Equation in natural number
 
How can I show that:
[tex]\sum_{i=0}^{n}2^{n-i} {n+i \choose i}=2^{2^{n}} [/tex]
for every natural numbers

AtomSeven Jan12-11 09:32 AM

Re: Equation in natural number
 
The identity is wrong, it should be

[tex]
\sum_{i=0}^{n}2^{n-i} {n+i \choose i}=2^{2 n}
[/tex]

oszust001 Jan12-11 09:54 AM

Re: Equation in natural number
 
ok my foult. so how can i solve that equation?
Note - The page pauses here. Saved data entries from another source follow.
(* Let $\pi\in\mathfrak{S}_n$ have disjoint cycles of lengths $\ell_1,\dots,\ell_m$ (fixed points included). In $\textsf{Star}(n)$, the number of elements covered by $\pi$ is $\sum_{1\le i<j\le m}\ell_i\ell_j$, and the number of elements covering $\pi$ is $\sum_{i=1}^m\binom{\ell_i}{2}$.
   Context: $\mathfrak{S}_n$ is the symmetric group on $[n]$, products taken right to left. For a pivot $k\in[n]$, a star factorization of $\pi$ is $\pi=g_1\cdots g_r$ with each $g_i$ a transposition $(k\ i)$, $i\neq k$; it is transitive if all $(k\ i)$, $i\in[n]\setminus\{k\}$, occur; $\star_k(\pi)$ is the set of transitive star factorizations of $\pi$ of minimum length $n+m-2$ ($m$ = number of cycles of $\pi$). $\sigma\preceq_k\pi$ means some $\gamma\in\star_k(\sigma)$ is a not necessarily contiguous subword of some $\delta\in\star_k(\pi)$. This relation does not depend on $k$; it is denoted $\preceq$, and $\textsf{Star}(n)$ is the resulting poset on $\mathfrak{S}_n$. $\tau$ covers $\sigma$ if $\sigma\preceq\tau$, $\sigma\neq\tau$, and there is no $\rho\notin\{\sigma,\tau\}$ with $\sigma\preceq\rho\preceq\tau$. *)

From mathcomp Require Import all_boot all_fingroup.
From mathcomp Require Import boolp.

Set Implicit Arguments.
Unset Strict Implicit.
Unset Printing Implicit Defensive.
(* Let $n\geq 3$, and let $G_1$ and $G_2$ be the $n$-vertex triangulations defined as follows. $G_1$ is obtained from a triangulation $H$ with $\lfloor n/3\rfloor+2$ vertices and maximum degree at most six by inserting, into each face of $H$ with exactly $r$ exceptions, a new vertex adjacent to the three vertices of that face, where $r=0,1,2$ according as $n\equiv 2,1,0\pmod 3$. $G_2$ is obtained from a path on $n-2$ vertices by adding two vertices $a,b$, joining each of them to every path vertex, and adding the edge $(a,b)$. Then any sequence of flips transforming $G_1$ into a triangulation isomorphic to $G_2$ has length at least $3n-6-2\lfloor n/3\rfloor-28\geq \frac{7n}{3}-34$.
   Context: A triangulation means a simple combinatorial triangulation: a maximal planar graph without self-loops or multiple edges, together with a fixed rotation system; all faces are triangles. Flipping an edge $(a,b)$: removing $(a,b)$ leaves a unique quadrilateral face bounded by a cycle $(a,a',b,b')$, and the flip replaces $(a,b)$ by $(a',b')$; only flips keeping the triangulation simple are allowed. *)

(* Combinatorial triangulations of the sphere on a finite
   vertex type T, represented by their set of oriented faces: a face with
   counterclockwise boundary a -> b -> c is stored as all three rotations
   (a,b,c), (b,c,a), (c,a,b). The triple (a,b,c) is equivalently the dart
   (a,b) together with the third vertex c of the face to its left; for each
   vertex v, the map u |-> w with (v,u,w) in F is the rotation system at v. *)
From HB Require Import structures.
From mathcomp Require Import all_boot all_order all_algebra perm.
Set Implicit Arguments. Unset Strict Implicit. Unset Printing Implicit Defensive.

Section Tri.
Variable T : finType.

Definition rot3 (t : T * T * T) : T * T * T :=
  let: (a, b, c) := t in (b, c, a).

Definition rots (t : T * T * T) : {set T * T * T} :=
  [set t; rot3 t; rot3 (rot3 t)].

Definition adj (F : {set T * T * T}) : rel T :=
  fun x y => [exists z, (x, y, z) \in F].

Definition deg (F : {set T * T * T}) (v : T) : nat := #|[set u | adj F v u]|.

Definition is_triangulation (F : {set T * T * T}) : Prop :=
  (forall a b c, (a, b, c) \in F -> [&& a != b, b != c & a != c]) /\
  (forall t, t \in F -> rot3 t \in F) /\
  (* each dart lies on exactly one face (hence no multiple edges) *)
  (forall a b c c', (a, b, c) \in F -> (a, b, c') \in F -> c = c') /\
  (* every edge has two sides, with opposite orientations (oriented surface) *)
  (forall a b c, (a, b, c) \in F -> exists d, (b, a, d) \in F) /\
  (* the rotation at every vertex is a single cycle (a manifold, i.e. a
     genuine rotation system) *)
  (forall v u u', adj F v u -> adj F v u' ->
     connect (fun x y => (v, x, y) \in F) u u') /\
  (forall x y, connect (adj F) x y) /\
  (* Euler: V - E + F = 2, where E = #|F|/2 and #faces = #|F|/3 *)
  #|F| = 6 * (#|T| - 2).

(* one flip of edge (a,b) with adjacent faces (a,b,c) and (b,a,d):
   the quadrilateral is (a,d,b,c) and the new diagonal is (c,d).
   Only flips keeping the triangulation simple are allowed. *)
Definition flip_step (F F' : {set T * T * T}) : Prop :=
  exists a b c d,
    [/\ (a, b, c) \in F, (b, a, d) \in F, c != d, ~~ adj F c d &
        F' = (F :\: (rots (a, b, c) :|: rots (b, a, d)))
               :|: (rots (c, a, d) :|: rots (d, b, c))] /\
    is_triangulation F'.

Fixpoint flip_reach (k : nat) (F F' : {set T * T * T}) : Prop :=
  match k with
  | 0 => F = F'
  | k'.+1 => exists F'', flip_step F F'' /\ flip_reach k' F'' F'
  end.

Definition graph_iso_to (F : {set T * T * T}) (g : rel T) : Prop :=
  exists s : {perm T}, forall x y, adj F (s x) (s y) = g x y.

End Tri.

(* G2: path 0 - 1 - ... - (n-3) on the first n-2 vertices, plus the two
   vertices a = n-2 and b = n-1 adjacent to everything (including each other) *)
Definition G2adj (n : nat) : rel 'I_n :=
  fun x y => (x != y) &&
    [|| n - 2 <= x, n - 2 <= y, x.+1 == y | y.+1 == x]%N.

(* number of faces of H left without a new vertex *)
Definition nexc (n : nat) : nat :=
  if n %% 3 == 2 then 0 else if n %% 3 == 1 then 1 else 2.

(* G1 built from H (faces FH on 'I_m), an injective relabelling i of the old
   vertices, a set E of excepted faces (all rotations), and the new vertex
   p s inserted into the face s of H. *)
Definition stacked (n m : nat) (FH E : {set 'I_m * 'I_m * 'I_m})
    (i : 'I_m -> 'I_n) (p : 'I_m * 'I_m * 'I_m -> 'I_n) :
    {set 'I_n * 'I_n * 'I_n} :=
  [set t | [exists s in FH,
     let: (a, b, c) := s in
     if s \in E then t == (i a, i b, i c)
     else t \in rots (i a, i b, p s)]].

Definition stacking_data (n m : nat) (FH E : {set 'I_m * 'I_m * 'I_m})
    (i : 'I_m -> 'I_n) (p : 'I_m * 'I_m * 'I_m -> 'I_n) : Prop :=
  injective i /\
  E \subset FH /\ (forall t, t \in E -> rot3 t \in E) /\
  (* exactly nexc n faces are excepted (each face = 3 rotations) *)
  #|E| = 3 * nexc n /\
  (forall s, s \in FH -> s \notin E -> p (rot3 s) = p s) /\
  (forall s s', s \in FH -> s' \in FH -> s \notin E -> s' \notin E ->
     p s = p s' -> s' \in rots s) /\
  (forall s x, s \in FH -> s \notin E -> p s != i x) /\
  (forall v, (exists x, v = i x) \/ (exists2 s, s \in FH /\ s \notin E & v = p s)).

(* Count darts (directed edges).  G1 and every triangulation on n vertices have
   6(n-2) darts, and a flip destroys only the two darts of the flipped edge, so
   after k flips at most 2k darts of G1 are missing from G.  Conversely G1 and G
   share few darts: G1 has maximum degree 12 (an old vertex gains one new
   neighbour per face of H around it, a new vertex has degree 3), so at most 48
   common darts touch the two apexes a, b of G2; every other common dart lies on
   the path of G2 and, as new vertices of G1 are adjacent only to old ones, has
   an old endpoint, which leaves at most 4 (n/3 + 2) of them.  Hence
   6(n-2) - 2k <= 4 (n/3) + 56. *)

From HB Require Import structures.
From mathcomp Require Import all_boot all_order all_algebra perm zify lra.
Import GRing.Theory Num.Theory.
Set Implicit Arguments. Unset Strict Implicit. Unset Printing Implicit Defensive.

Lemma card_bigcup_le (T I : finType) (A : {pred I}) (F : I -> {set T}) :
  #|\bigcup_(i in A) F i| <= \sum_(i in A) #|F i|.
Proof.
elim/big_rec2: _ => [|i U s _ hU]; first by rewrite cards0.
exact: leq_trans (leq_card_setU _ _) (leq_add (leqnn _) hU).
Qed.

Section Counting.
Variable T : finType.

Lemma card_pairs_fst (r : rel T) (O : {set T}) d :
  (forall x, x \in O -> #|[set y | r x y]| <= d) ->
  #|[set xy | (xy.1 \in O) && r xy.1 xy.2]| <= #|O| * d.
Proof.
move=> hd.
have -> : [set xy | (xy.1 \in O) && r xy.1 xy.2]
          = \bigcup_(x in O) (pair x @: [set y | r x y]).
  apply/setP => -[x y]; rewrite inE /=.
  apply/andP/bigcupP => [[hx hr] | [x' hx' /imsetP [y' hy' [-> ->]]]].
    by exists x => //; apply: imset_f; rewrite inE.
  by rewrite inE in hy'.
rewrite -sum_nat_const; apply: leq_trans (card_bigcup_le _ _) _.
apply: leq_sum => x hx.
exact: leq_trans (leq_imset_card _ _) (hd _ hx).
Qed.

Definition darts (e : rel T) : {set T * T} := [set xy | e xy.1 xy.2].

Lemma card_common_darts (e1 e2 : rel T) (K O : {set T}) d :
  symmetric e1 -> symmetric e2 ->
  (forall x, #|[set y | e1 x y]| <= d) ->
  (forall x y, e1 x y -> (x \in O) || (y \in O)) ->
  (forall x, x \notin K -> #|[set y | e2 x y & y \notin K]| <= 2) ->
  #|darts e1 :&: darts e2| <= 2 * (#|K| * d) + 2 * (#|O| * 2).
Proof.
move=> e1_sym e2_sym e1_deg e1_O e2_path.
pose Kd := [set xy | (xy.1 \in K) && e1 xy.1 xy.2].
pose Od := [set xy | (xy.1 \in O :\: K) && (e2 xy.1 xy.2 && (xy.2 \notin K))].
have cardKd : #|Kd| <= #|K| * d by apply: card_pairs_fst => x _; apply: e1_deg.
have cardOd : #|Od| <= #|O| * 2.
  apply: leq_trans _ (leq_mul (subset_leq_card (subsetDl O K)) (leqnn 2)).
  apply: (card_pairs_fst (r := fun x y => e2 x y && (y \notin K))) => x.
  by rewrite inE => /andP [hxK _]; apply: e2_path.
have cover : darts e1 :&: darts e2 \subset
    (Kd :|: swap_pair @: Kd) :|: (Od :|: swap_pair @: Od).
  apply/subsetP => -[x y]; rewrite !inE /= => /andP [h1 h2].
  have swapped (A : {set T * T}) : (y, x) \in A -> (x, y) \in swap_pair @: A.
    by move=> hA; apply/imsetP; exists (y, x).
  have [xK | xK] := boolP (x \in K); first by rewrite h1.
  have [yK | yK] := boolP (y \in K).
    by rewrite swapped ?orbT // inE /= yK e1_sym.
  have /orP [xO | yO] := e1_O _ _ h1; first by rewrite xO h2 !orbT.
  by rewrite (swapped Od) ?orbT // !inE /= yO yK e2_sym h2 xK.
apply: (leq_trans (subset_leq_card cover)); rewrite !mul2n -!addnn.
apply: leq_trans (leq_card_setU _ _) (leq_add _ _);
  apply: leq_trans (leq_card_setU _ _) (leq_add _ _) => //;
  exact: leq_trans (leq_imset_card _ _) _.
Qed.

End Counting.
AtomSeven Jan12-11 10:45 AM

Re: Equation in natural number
 
Well, this
[tex]
\sum_{i=0}^{n}2^{n-i} {n+i \choose i}=2^{2 n}
[/tex]

is an identity it is true for all [tex]n[/tex] but, if I understand correctly, you may ask for the values of [tex]n[/tex] that make
[tex]
\sum_{i=0}^{n}2^{n-i} {n+i \choose i}=2^{2^{n}}
[/tex]
true. In this case we have the equation [tex]2n=2^{2^{n}}[/tex], and the solutions are [tex]n \in \lbrace 1,2 \rbrace[/tex].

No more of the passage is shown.